Anyway, my diabetes nurse & GP agree that the clinic dietitian isn't for me & they've given me some other names to check out. But the GP clearly thinks it's not very complicated overall: "Eat lots of vegetables, nuts & fish and a reasonable amount of fruit" (which is pretty close to what I do anyway).
Then when I say I'd like to find somebody who can give guidance on possible strategies for getting to remission or even reversal there's some eye-rolling. "I think a <6% target is too low; go for something between 6% and 7%". Which I think is really just a translation of the main guidelines here in Oz (<7% in general, maybe <6.5% if Metformin+lifestyle, following ADA guidelines I believe).
Which is fine; he's a good non-D-specialist GP. It'd be good to bump things up a level, however.
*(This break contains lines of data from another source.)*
(* Let $\rho$ be a two-qubit state on $\mathbb{C}^2\otimes\mathbb{C}^2$ whose correlation matrix $T$ is diagonal, and write $\lambda_i=T_{ii}$ for $i=0,1,2$. Then $$d_{\max}(\rho)=\frac{1}{\sqrt2}\sqrt{\sum_{i=0}^{2}\lambda_i^2(1-n_i^2)},$$ where $\vec n=(n_0,n_1,n_2)^T$ is the unit vector defined as follows: if $\rho_B\neq I/2$, then $\vec n=\vec r^B/\|\vec r^B\|$; if $\rho_B=I/2$, then $n_i=1$ (and $n_j=0$ for $j\neq i$) for an index $i$ with $|\lambda_i|=\min_k|\lambda_k|$.
   Context: Let $\sigma_0,\sigma_1,\sigma_2$ be the Pauli matrices $X,Y,Z$. Every two-qubit state can be written as $\rho=\frac14\big(I\otimes I+\sum_i r^A_i\sigma_i\otimes I+\sum_j r^B_j I\otimes\sigma_j+\sum_{i,j}T_{ij}\sigma_i\otimes\sigma_j\big)$, with Bloch vectors $r^A_i=\mathrm{Tr}(\sigma_i\rho_A)$, $r^B_j=\mathrm{Tr}(\sigma_j\rho_B)$ (where $\rho_A=\mathrm{Tr}_B\rho$, $\rho_B=\mathrm{Tr}_A\rho$) and real correlation matrix $T_{ij}=\mathrm{Tr}((\sigma_i\otimes\sigma_j)\rho)$. A unitary $U^B$ on $\mathbb{C}^2$ is called cyclic for $\rho$ if $[\rho_B,U^B]=0$. Set $\rho_f=(I\otimes U^B)\rho(I\otimes U^{B\dagger})$, define the Fu distance $d(\rho,U^B)=\frac{1}{\sqrt2}\|\rho-\rho_f\|_F$ (Frobenius norm), and $d_{\max}(\rho)=\max\{d(\rho,U^B): U^B\text{ unitary},\ [\rho_B,U^B]=0\}$. *)

From HB Require Import structures.
From mathcomp Require Import all_boot all_order all_algebra.
From mathcomp Require Import spectral.
From mathcomp Require Import complex mxtens.
From mathcomp Require Import reals.
Set Implicit Arguments. Unset Strict Implicit. Unset Printing Implicit Defensive.
Import Order.TTheory GRing.Theory Num.Theory.
Local Open Scope ring_scope.
Local Open Scope sesquilinear_scope.

Section TwoQubit.
Variable R : rcfType.
Local Notation C := (R[i]).

(* Pauli matrices sigma_0 = X, sigma_1 = Y, sigma_2 = Z *)
Definition pauli (k : 'I_3) : 'M[C]_2 :=
  \matrix_(a < 2, b < 2)
    match nat_of_ord k with
    | 0 => if a != b then 1 else 0
    | 1 => if a == b then 0 else if nat_of_ord a == 0%N then - 'i%C else 'i%C
    | _ => if a == b then (if nat_of_ord a == 0%N then 1 else -1) else 0
    end.

Definition is_state (rho : 'M[C]_(2 * 2)) : Prop :=
  [/\ rho ^t* = rho,
      forall v : 'cV[C]_(2 * 2), 0 <= (v ^t* *m rho *m v) 0 0
    & \tr rho = 1].

(* partial traces; basis index of |a>|b> is mxtens_index (a, b) *)
Definition ptraceB (rho : 'M[C]_(2 * 2)) : 'M[C]_2 :=  (* rho_A = Tr_B rho *)
  \matrix_(a < 2, a' < 2) \sum_(b < 2) rho (mxtens_index (a, b)) (mxtens_index (a', b)).
Definition ptraceA (rho : 'M[C]_(2 * 2)) : 'M[C]_2 :=  (* rho_B = Tr_A rho *)
  \matrix_(b < 2, b' < 2) \sum_(a < 2) rho (mxtens_index (a, b)) (mxtens_index (a, b')).

Definition blochB (rho : 'M[C]_(2 * 2)) (j : 'I_3) : R :=
  complex.Re (\tr (pauli j *m ptraceA rho)).

Definition corr (rho : 'M[C]_(2 * 2)) (i j : 'I_3) : R :=
  complex.Re (\tr ((pauli i *t pauli j) *m rho)).

Definition frob (m n : nat) (A : 'M[C]_(m, n)) : R :=
  Num.sqrt (\sum_(i < m) \sum_(j < n) complex.Re (A i j * (A i j)^*%C)).

Definition rho_f (rho : 'M[C]_(2 * 2)) (U : 'M[C]_2) : 'M[C]_(2 * 2) :=
  ((1%:M : 'M[C]_2) *t U) *m rho *m ((1%:M : 'M[C]_2) *t U) ^t*.

Definition fu_dist (rho : 'M[C]_(2 * 2)) (U : 'M[C]_2) : R :=
  (Num.sqrt 2)^-1 * frob (rho - rho_f rho U).

Definition cyclic_unitary (rho : 'M[C]_(2 * 2)) (U : 'M[C]_2) : Prop :=
  U \is unitarymx /\ ptraceA rho *m U = U *m ptraceA rho.

Definition is_dmax (rho : 'M[C]_(2 * 2)) (v : R) : Prop :=
  (exists U, cyclic_unitary rho U /\ fu_dist rho U = v) /\
  (forall U, cyclic_unitary rho U -> fu_dist rho U <= v).

Definition dmax_formula (rho : 'M[C]_(2 * 2)) (n : 'I_3 -> R) : R :=
  (Num.sqrt 2)^-1 *
  Num.sqrt (\sum_(i < 3) corr rho i i ^+ 2 * (1 - n i ^+ 2)).

Definition blochB_norm (rho : 'M[C]_(2 * 2)) : R :=
  Num.sqrt (\sum_(j < 3) blochB rho j ^+ 2).

End TwoQubit.

From HB Require Import structures.
From mathcomp Require Import all_boot all_order all_algebra.
From mathcomp Require Import spectral.
From mathcomp Require Import complex mxtens.
From mathcomp Require Import reals.
From mathcomp Require Import ring lra.
Import Order.TTheory GRing.Theory Num.Theory.
Local Open Scope ring_scope.

Set Implicit Arguments. Unset Strict Implicit. Unset Printing Implicit Defensive.
Local Open Scope sesquilinear_scope.

(* The distance is computed block by block. Writing [rho] as a 2x2 block matrix
   of operators on B, each block of [rho - rho_f] is [X - U X U^*] for the
   corresponding block [X] of [rho], and expanding [X] in the Pauli basis shows
   [4 ||rho - rho_f||^2 = sum_k lambda_k^2 (sum_j |u_j|^2 - |u_k|^2)], where
   [u_k = tr (sigma_k U)]: the diagonal correlation matrix decouples the three
   Pauli directions, and cyclicity makes the two diagonal blocks cancel.
   Unitarity gives [sum_j |u_j|^2 <= 4], and [U] commutes with
   [rho_B = (1 + r.sigma)/2] iff [u] is parallel to [r]. If [r <> 0] the
   weights [|u_k|^2] are therefore proportional to [r_k^2], and the maximum is
   attained by [U = n.sigma]; if [r = 0] the weights are unconstrained and the
   maximum puts all of them on a direction [i0] with [|lambda_i0|] minimal,
   which [U = sigma_i0] achieves. *)

Definition b0 : 'I_2 := @Ordinal 2 0 isT.
Definition b1 : 'I_2 := @Ordinal 2 1 isT.
Definition pX : 'I_3 := @Ordinal 3 0 isT.
Definition pY : 'I_3 := @Ordinal 3 1 isT.
Definition pZ : 'I_3 := @Ordinal 3 2 isT.

Lemma big_ord2 (V : nmodType) (F : 'I_2 -> V) : \sum_(i < 2) F i = F b0 + F b1.
Proof. by rewrite !big_ord_recr /= big_ord0 add0r; congr (F _ + F _); apply: val_inj. Qed.

Lemma big_ord3 (V : nmodType) (F : 'I_3 -> V) : \sum_(i < 3) F i = F pX + F pY + F pZ.
Proof. by rewrite !big_ord_recr /= big_ord0 add0r; congr (F _ + F _ + F _); apply: val_inj. Qed.

Lemma ord2P (i : 'I_2) : i = b0 \/ i = b1.
Proof. by case: i => [[|[|m]] Hm]; [left|right|]; try apply: val_inj. Qed.
(* Let $\rho>-1$ and let a BIMS channel have capacity $C\in[0,1]$ and function $F(\rho)$. Then: (i) $F^{\rm bec}(\rho;C)\le F(\rho)\le F^{\rm bsc}(\rho;C)$. (ii) If $-1<\rho<0$, then $C^{\rm bsc}\bigl(F(\rho)\bigr)\le C\le C^{\rm bec}\bigl(F(\rho)\bigr)$. (iii) If $\rho>0$, then $C^{\rm bec}\bigl(F(\rho)\bigr)\le C\le C^{\rm bsc}\bigl(F(\rho)\bigr)$. The extremes in (i)–(iii) are attained by the BEC and the BSC, respectively. Moreover, for every pair $(C,t)$ with $C\in[0,1]$ and $F^{\rm bec}(\rho;C)\le t\le F^{\rm bsc}(\rho;C)$ there exists a BIMS channel with capacity $C$ and $F(\rho)=t$; conversely, if this inequality fails for $(C,t)$, no BIMS channel has capacity $C$ and $F(\rho)=t$.
   Context: A BIMS (binary-input memoryless symmetric) channel is a memoryless channel with input alphabet $\{x_0,x_1\}$, finite output alphabet $\mathcal Y$ and transition probabilities $P_{Y|X}(y|x)$. It is symmetric in Gallager's sense: the columns of the $2\times|\mathcal Y|$ transition matrix (rows indexed by inputs) can be partitioned into submatrices such that, in each submatrix, every row is a permutation of every other row and every column is a permutation of every other column. Inputs are equiprobable, $P_X(x_0)=P_X(x_1)=\tfrac12$, and all logarithms are base $2$. The capacity $C$ of the channel is the mutual information $I(X;Y)$ under this input distribution. For $\rho>-1$, Gallager's function is defined by $$F(\rho)=\sum_{x}\tfrac12\sum_{y:\,P_{Y|X}(y|x)>0}P_{Y|X}(y|x)\left(\frac{\tfrac12\sum_{x'}P_{Y|X}(y|x')^{1/(1+\rho)}}{P_{Y|X}(y|x)^{1/(1+\rho)}}\right)^{\rho},$$ and $E_0(\rho)=-\log F(\rho)$. Let $h(p)=-p\log p-(1-p)\log(1-p)$ denote the binary entropy function, and let $h^{-1}$ be its inverse on $[0,\tfrac12]$. For $C\in[0,1]$ define $$F^{\rm bec}(\rho;C)=1+(2^{-\rho}-1)C,$$ $$F^{\rm bsc}(\rho;C)=2^{-\rho}\Bigl(\varepsilon^{1/(1+\rho)}+(1-\varepsilon)^{1/(1+\rho)}\Bigr)^{1+\rho},\qquad \varepsilon=h^{-1}(1-C).$$ These are the values of $F(\rho)$ for the binary erasure channel (BEC) and the binary symmetric channel (BSC) of capacity $C$. For $\rho\ne0$, $C^{\rm bec}(\cdot)$ and $C^{\rm bsc}(\cdot)$ denote the inverse functions of $C\mapsto F^{\rm bec}(\rho;C)$ and $C\mapsto F^{\rm bsc}(\rho;C)$ on $[0,1]$, respectively. *)

From Stdlib Require Import Reals Lra List Permutation ClassicalEpsilon.
Import ListNotations.
Open Scope R_scope.

Definition sumR (n : nat) (f : nat -> R) : R :=
  fold_right Rplus 0 (map f (seq 0 n)).

Definition log2 (x : R) : R := ln x / ln 2.

(** Real power with the convention 0^a = 0 (used only for a > 0). *)
Definition rpow (x a : R) : R := if Rle_dec x 0 then 0 else Rpower x a.

(** A channel: inputs x0 = false, x1 = true; outputs 0..n-1; W x y = P(y|x). *)
Definition is_channel (n : nat) (W : bool -> nat -> R) : Prop :=
  (forall x y, 0 <= W x y) /\ (forall x, sumR n (W x) = 1).

(** Gallager symmetry: a partition of the columns (via block labels [part])
    such that in each submatrix every row is a permutation of every other row,
    and every column is a permutation of every other column. *)
Definition block (n : nat) (part : nat -> nat) (k : nat) : list nat :=
  filter (fun y => Nat.eqb (part y) k) (seq 0 n).

Definition gallager_symmetric (n : nat) (W : bool -> nat -> R) : Prop :=
  exists part : nat -> nat,
    (forall k, Permutation (map (W false) (block n part k))
                           (map (W true) (block n part k))) /\
    (forall y y', (y < n)%nat -> (y' < n)%nat -> part y = part y' ->
       (W false y = W false y' /\ W true y = W true y') \/
       (W false y = W true y' /\ W true y = W false y')).

Definition is_bims (n : nat) (W : bool -> nat -> R) : Prop :=
  is_channel n W /\ gallager_symmetric n W.

Definition avg2 (f : bool -> R) : R := / 2 * f false + / 2 * f true.

(** Capacity = I(X;Y) with equiprobable inputs. *)
Definition capacity (n : nat) (W : bool -> nat -> R) : R :=
  avg2 (fun x => sumR n (fun y =>
    if Rlt_dec 0 (W x y)
    then W x y * log2 (W x y / avg2 (fun x' => W x' y))
    else 0)).

Definition gallagerF (rho : R) (n : nat) (W : bool -> nat -> R) : R :=
  avg2 (fun x => sumR n (fun y =>
    if Rlt_dec 0 (W x y)
    then W x y *
         Rpower (avg2 (fun x' => rpow (W x' y) (/ (1 + rho)))
                 / Rpower (W x y) (/ (1 + rho))) rho
    else 0)).
Lemma vecf_lcomp g f : vecf (lcomp g f) = vlin (la g) (vecf f) (vecf g).
Proof. rewrite /vecf /vlin /=; f_equal; ring. Qed.

Lemma identical_id f : identical f -> f = id_lin.
Proof. by case: f => a b /identicalE /= [-> a1]; rewrite /id_lin; f_equal; lra. Qed.

Lemma foldl_compose s h : foldl (fun h f => lcomp f h) h s = lcomp (compose s) h.
Proof.
elim: s h => [|f s IHs] h /=; first by rewrite id_lcomp.
by rewrite /compose /= !IHs lcomp_id lcompA.
Qed.

Lemma compose_cat s1 s2 : compose (s1 ++ s2) = lcomp (compose s2) (compose s1).
Proof. by rewrite /compose foldl_cat foldl_compose. Qed.

Lemma compose1 f : compose [:: f] = f.
Proof. by rewrite /compose /= lcomp_id. Qed.

Lemma compose_cons f s : compose (f :: s) = lcomp (compose s) f.
Proof. by rewrite -cat1s compose_cat compose1. Qed.

Lemma compose_rcons s f : compose (rcons s f) = lcomp f (compose s).
Proof. by rewrite /compose foldl_rcons. Qed.

Lemma evalf_compose s x : evalf (compose s) x = foldl (fun y f => evalf f y) x s.
Proof.
elim/last_ind: s => [|s f IHs]; first by rewrite /evalf /=; ring.
by rewrite compose_rcons evalf_lcomp IHs foldl_rcons.
Qed.

Definition monotoneb (f : linfun) : bool := if Rlt_dec 0 (la f) then true else false.

Lemma monotonebP f : reflect (monotone f) (monotoneb f).
Proof. by rewrite /monotoneb /monotone; case: Rlt_dec => h; constructor. Qed.

Lemma compose_monotone s : all monotoneb s -> monotone (compose s).
Proof.
elim/last_ind: s => [|s f IHs]; first by rewrite /monotone /=; lra.
rewrite all_rcons compose_rcons => /andP[/monotonebP f_mono /IHs s_mono].
exact: Rmult_lt_0_compat.
Qed.

Lemma identicalbP f : reflect (identical f) (identicalb f).
Proof.
by rewrite /identicalb; case: ClassicalDescription.excluded_middle_informative => h; constructor.
Qed.

Lemma compose_filter_nonid s : compose [seq f <- s | ~~ identicalb f] = compose s.
Proof.
elim/last_ind: s => [//|s f IHs].
rewrite filter_rcons compose_rcons; case: identicalbP => [/identical_id ->|_] /=.
- by rewrite id_lcomp IHs.
- by rewrite compose_rcons IHs.
Qed.

Definition blocks_ccw (s : seq linfun) : Prop :=
  forall P X Y S, s = P ++ X ++ Y ++ S -> X <> [::] -> Y <> [::] ->
    0 <= cross (vecf (compose X)) (vecf (compose Y)).

Lemma filter_eq_cat (T : Type) (p : pred T) (s s1 s2 : seq T) :
  filter p s = s1 ++ s2 ->
  exists t1 t2, s = t1 ++ t2 /\ filter p t1 = s1 /\ filter p t2 = s2.
Proof.
elim: s s1 => [|x s IHs] s1 /=.
  by case: s1 s2 => [|//] [|//] _; exists [::], [::].
case px: (p x) => [|]; last first.
  by move/IHs=> [t1 [t2 [-> [<- <-]]]]; exists (x :: t1), t2; rewrite /= px.
case: s1 => [|y s1] /=.
  by move=> s2_eq; exists [::], (x :: s); rewrite /= px.
by move=> [<- /IHs [t1 [t2 [-> [<- <-]]]]]; exists (x :: t1), t2; rewrite /= px.
Qed.

Lemma blocks_ccw_filter_nonid s :
  blocks_ccw s -> blocks_ccw [seq f <- s | ~~ identicalb f].
Proof.
move=> s_ccw P' X' Y' S' /filter_eq_cat [P [XYS [s_eq [_]]]].
move=> /filter_eq_cat [X [YS [XYS_eq [X_eq]]]] /filter_eq_cat [Y [S [YS_eq [Y_eq _]]]].
move=> X'_nz Y'_nz; subst.
rewrite !compose_filter_nonid; apply: (s_ccw P _ _ S) => //.
- by move=> X0; apply: X'_nz; rewrite X0.
- by move=> Y0; apply: Y'_nz; rewrite Y0.
Qed.

(* The block swap changes the composition at [0] by [- a_S * cross (vec X) (vec Y)]. *)
Lemma cross_of_block_swap P X Y S : monotone (compose S) ->
  evalf (compose (P ++ X ++ Y ++ S)) 0 <= evalf (compose (P ++ Y ++ X ++ S)) 0 ->
  0 <= cross (vecf (compose X)) (vecf (compose Y)).
Proof.
rewrite /monotone !compose_cat /evalf /cross /vecf /= => S_mono swap_le.
by apply: (Rmult_le_reg_l (la (compose S))) => //; rewrite Rmult_0_r; lra.
Qed.


Lemma foldl_evalf_map (T : Type) (G : T -> linfun) (e : seq T) (g : R -> R) x :
  foldl (fun g i y => evalf (G i) (g y)) g e x = foldl (fun y f => evalf f y) (g x) (map G e).
Proof. by elim: e g => [|i e IHe] g //=; rewrite IHe. Qed.

Lemma fcompE (n : nat) (fs : 'I_n -> linfun) (sigma : {perm 'I_n}) x :
  fcomp fs sigma x = evalf (compose [seq fs (sigma i) | i <- enum 'I_n]) x.
Proof. by rewrite /fcomp foldl_evalf_map evalf_compose. Qed.

Definition bpos (l m r p : nat) : nat := (bswap l m r p.+1).-1.

Section BlockSwap.
Variables l m r : nat.
Hypotheses (l_pos : (1 <= l)%N) (l_le_m : (l <= m)%N) (m_lt_r : (m < r)%N).

Lemma bposS p : bswap l m r p.+1 = (bpos l m r p).+1.
Proof. by rewrite /bpos /bswap; repeat case: ifP => ?; lia. Qed.

Lemma bpos_lt n p : (r <= n)%N -> (p < n)%N -> (bpos l m r p < n)%N.
Proof. by rewrite /bpos /bswap; repeat case: ifP => ?; lia. Qed.

Lemma bpos_inj : injective (bpos l m r).
Proof. by move=> p q; rewrite /bpos /bswap; repeat case: ifP => ?; lia. Qed.

End BlockSwap.

Lemma map_iota_shift (f : nat -> nat) a b len :
  (forall i, (i < len)%N -> f (a + i)%N = (b + i)%N) -> map f (iota a len) = iota b len.
Proof.
elim: len a b => [|len IHlen] a b f_shift //=.
have := f_shift 0%N isT; rewrite !addn0 => ->; congr (_ :: _).
by apply: IHlen => i i_lt; have := f_shift i.+1 i_lt; rewrite !addnS !addSn.
Qed.

Lemma map_bpos p x y z : (0 < x)%N -> (0 < y)%N ->
  map (bpos p.+1 (p + x) (p + x + y)) (iota 0 (p + x + y + z)) =
  iota 0 p ++ iota (p + x) y ++ iota p x ++ iota (p + x + y) z.
Proof.
move=> x_pos y_pos.
have -> : (p + x + y + z = p + (y + (x + z)))%N by lia.
rewrite !iotaD !map_cat.
by congr (_ ++ _ ++ _ ++ _); apply: map_iota_shift => i i_lt;
  rewrite /bpos /bswap; repeat case: ifP => ?; lia.
Qed.

Lemma map_nth_block (T : Type) (x0 : T) (s : seq T) A B C : s = A ++ B ++ C ->
  map (nth x0 s) (iota (size A) (size B)) = B.
Proof.
move=> ->; rewrite map_nth_iota; last by rewrite !size_cat; lia.
by rewrite drop_size_cat // take_size_cat.
Qed.

Lemma block_swap_in_nbhd (T : Type) (n : nat) (F : 'I_n -> T) (sigma : {perm 'I_n})
    P X Y S :
  [seq F (sigma i) | i <- enum 'I_n] = P ++ X ++ Y ++ S -> X <> [::] -> Y <> [::] ->
  exists2 mu, in_nbhd sigma mu & [seq F (mu i) | i <- enum 'I_n] = P ++ Y ++ X ++ S.
Proof.
set L := map _ _ => L_eq X_nz Y_nz.
have [x0 _] : exists x0 : T, True by case: X X_nz L_eq => [//|x0]; exists x0.
have x_pos : (0 < size X)%N by case: X X_nz {L_eq}.
have y_pos : (0 < size Y)%N by case: Y Y_nz {L_eq}.
have n_eq : n = (size P + size X + size Y + size S)%N.
  by have := congr1 size L_eq; rewrite /L size_map size_enum_ord !size_cat !addnA.
set l := (size P).+1; set m := (size P + size X)%N; set r := (m + size Y)%N.
have l_pos : (1 <= l)%N by [].
have l_le_m : (l <= m)%N by lia.
have m_lt_r : (m < r)%N by lia.
have r_le_n : (r <= n)%N by lia.
have bpos_ord (i : 'I_n) : (bpos l m r i < n)%N by apply: bpos_lt.
pose beta (i : 'I_n) : 'I_n := insubd i (bpos l m r i).
have betaE i : val (beta i) = bpos l m r i by rewrite val_insubd bpos_ord.
have mu_inj : injective (sigma \o beta).
  move=> i j /perm_inj /(congr1 val); rewrite !betaE.
  by move=> /(bpos_inj l_pos l_le_m m_lt_r) /val_inj.
exists (perm mu_inj).
  exists l, m, r; do 4 split=> //.
  by move=> i j; rewrite bposS // => -[j_eq]; rewrite permE /=; congr (sigma _);
    apply: val_inj; rewrite betaE.
have -> : [seq F (perm mu_inj i) | i <- enum 'I_n] =
          [seq nth x0 L (bpos l m r k) | k <- iota 0 n].
  rewrite -val_enum_ord -map_comp; apply: eq_map => i /=.
  rewrite permE /L (nth_map i); last by rewrite size_enum_ord bpos_lt.
  by congr (F (sigma _)); apply: val_inj; rewrite betaE /= nth_enum_ord.
rewrite (map_comp (nth x0 L)) n_eq map_bpos // !map_cat.
have := map_nth_block x0 (A := [::]) L_eq.
have := map_nth_block x0 (A := P) L_eq.
have := map_nth_block x0 (A := P ++ X) (B := Y) (C := S); rewrite -catA => /(_ L L_eq).
have := map_nth_block x0 (A := P ++ X ++ Y) (B := S) (C := [::]).
rewrite cats0 -!catA => /(_ L L_eq).
by rewrite !size_cat !addnA /= => -> -> -> ->.
Qed.

Lemma locally_optimal_blocks_ccw (n : nat) (fs : 'I_n -> linfun) (sigma : {perm 'I_n}) :
  (forall i, monotone (fs i)) -> locally_optimal fs sigma ->
  blocks_ccw [seq fs (sigma i) | i <- enum 'I_n].
Proof.
move=> fs_mono sigma_opt P X Y S L_eq X_nz Y_nz.
have [mu mu_nbhd mu_eq] := block_swap_in_nbhd L_eq X_nz Y_nz.
apply: (@cross_of_block_swap P X Y S).
  have : all monotoneb [seq fs (sigma i) | i <- enum 'I_n].
    by elim: (enum _) => //= i e ->; rewrite andbT; apply/monotonebP.
  by rewrite L_eq !all_cat => /and4P [_ _ _ /compose_monotone].
by have := sigma_opt mu mu_nbhd 0; rewrite !fcompE mu_eq L_eq.
Qed.

Section AngleSequence.

Variable s : seq linfun.
Hypothesis s_ccw : blocks_ccw s.
Hypothesis s_mono : all monotoneb s.
Hypothesis s_nonid : all (fun f => ~~ identicalb f) s.

Local Notation N := (size s).

Definition u (t : nat) : R * R := vecf (nth id_lin s t).
Definition slope_at (t : nat) : R := la (nth id_lin s t).
Definition ang (t : nat) : R := angle (nth id_lin s t).
Definition window (l r : nat) : seq linfun := take (r - l) (drop l s).
Definition V (l r : nat) : R * R := vecf (compose (window l r)).

Lemma nth_nonid t : (t < N)%N -> ~ identical (nth id_lin s t).
Proof. by move=> /(all_nthP id_lin s_nonid) /negP nonid_t /identicalbP. Qed.

Lemma u_polar t : (t < N)%N ->
  0 <= ang t < 2 * PI /\ exists2 rho, 0 < rho & u t = polar rho (ang t).
Proof.
move=> /nth_nonid /theta_polar [_ [ang_bd [rho [rho_pos u_eq]]]].
by split=> //; exists rho.
Qed.

Lemma u_neq0 t : (t < N)%N -> u t <> (0, 0).
Proof. by move=> /nth_nonid; rewrite identicalE /u /vecf => nonid_t [b0 a1]; apply: nonid_t. Qed.
(* T_{eps,l} is the map induced on [0, l) by the rotation [rot 1]; [region] is [None]
   on [l, 1), which the rotation crosses exactly when T is applied to a point of I_B. *)
Definition region (x : R) : option letter :=
  if Rlt_dec x l then Some (code eps l x) else None.

Definition return_time (c : option letter) : nat :=
  match c with Some LB => 2 | _ => 1 end.

(* [visit x j] is the rotation time of the j-th point of the T-orbit of x. *)
Fixpoint visit (x : R) (j : nat) : nat :=
  match j with
  | O => O
  | S j' => visit x j' + return_time (region (rot (visit x j') x))
  end.

Lemma rot_bounds k x : 0 <= rot k x < 1.
Proof. apply frac_part_bounds. Qed.

Lemma rot_rot a b x : rot a (rot b x) = rot (a + b) x.
Proof.
  unfold rot. rewrite plus_INR.
  replace (frac_part (x - INR b * eps) - INR a * eps) with
    (x - (INR a + INR b) * eps + IZR (- Int_part (x - INR b * eps)))
    by (rewrite opp_IZR; unfold frac_part; ring).
  apply frac_part_plus_IZR.
Qed.

Lemma rot_0 x : 0 <= x < 1 -> rot 0 x = x.
Proof. intros Hx. unfold rot. simpl. rewrite Rmult_0_l, Rminus_0_r. now apply frac_part_small. Qed.

Lemma rot_1 x : 0 <= x < 1 -> rot 1 x = if Rlt_dec x eps then x - eps + 1 else x - eps.
Proof.
  intros Hx. unfold rot. rewrite Rmult_1_l. destruct (Rlt_dec x eps).
  - apply frac_part_eq with (-1)%Z; simpl; lra.
  - apply frac_part_small. lra.
Qed.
On diet in general, this is the best thing I've found so far:
https://www.annualreviews.org/doi/full/10.1146/annurev-publhealth-032013-182351
... claims abound for the competitive merits of various diets relative to one another. Whereas such claims, particularly when attached to commercial interests, emphasize distinctions, the fundamentals of virtually all eating patterns associated with meaningful evidence of health benefit overlap substantially. There have been no rigorous, long-term studies comparing contenders for best diet laurels using methodology that precludes bias and confounding, and for many reasons such studies are unlikely. In the absence of such direct comparisons, claims for the established superiority of any one specific diet over others are exaggerated. The weight of evidence strongly supports a theme of healthful eating while allowing for variations on that theme. A diet of minimally processed foods close to nature, predominantly plants, is decisively associated with health promotion and disease prevention and is consistent with the salient components of seemingly distinct dietary approaches.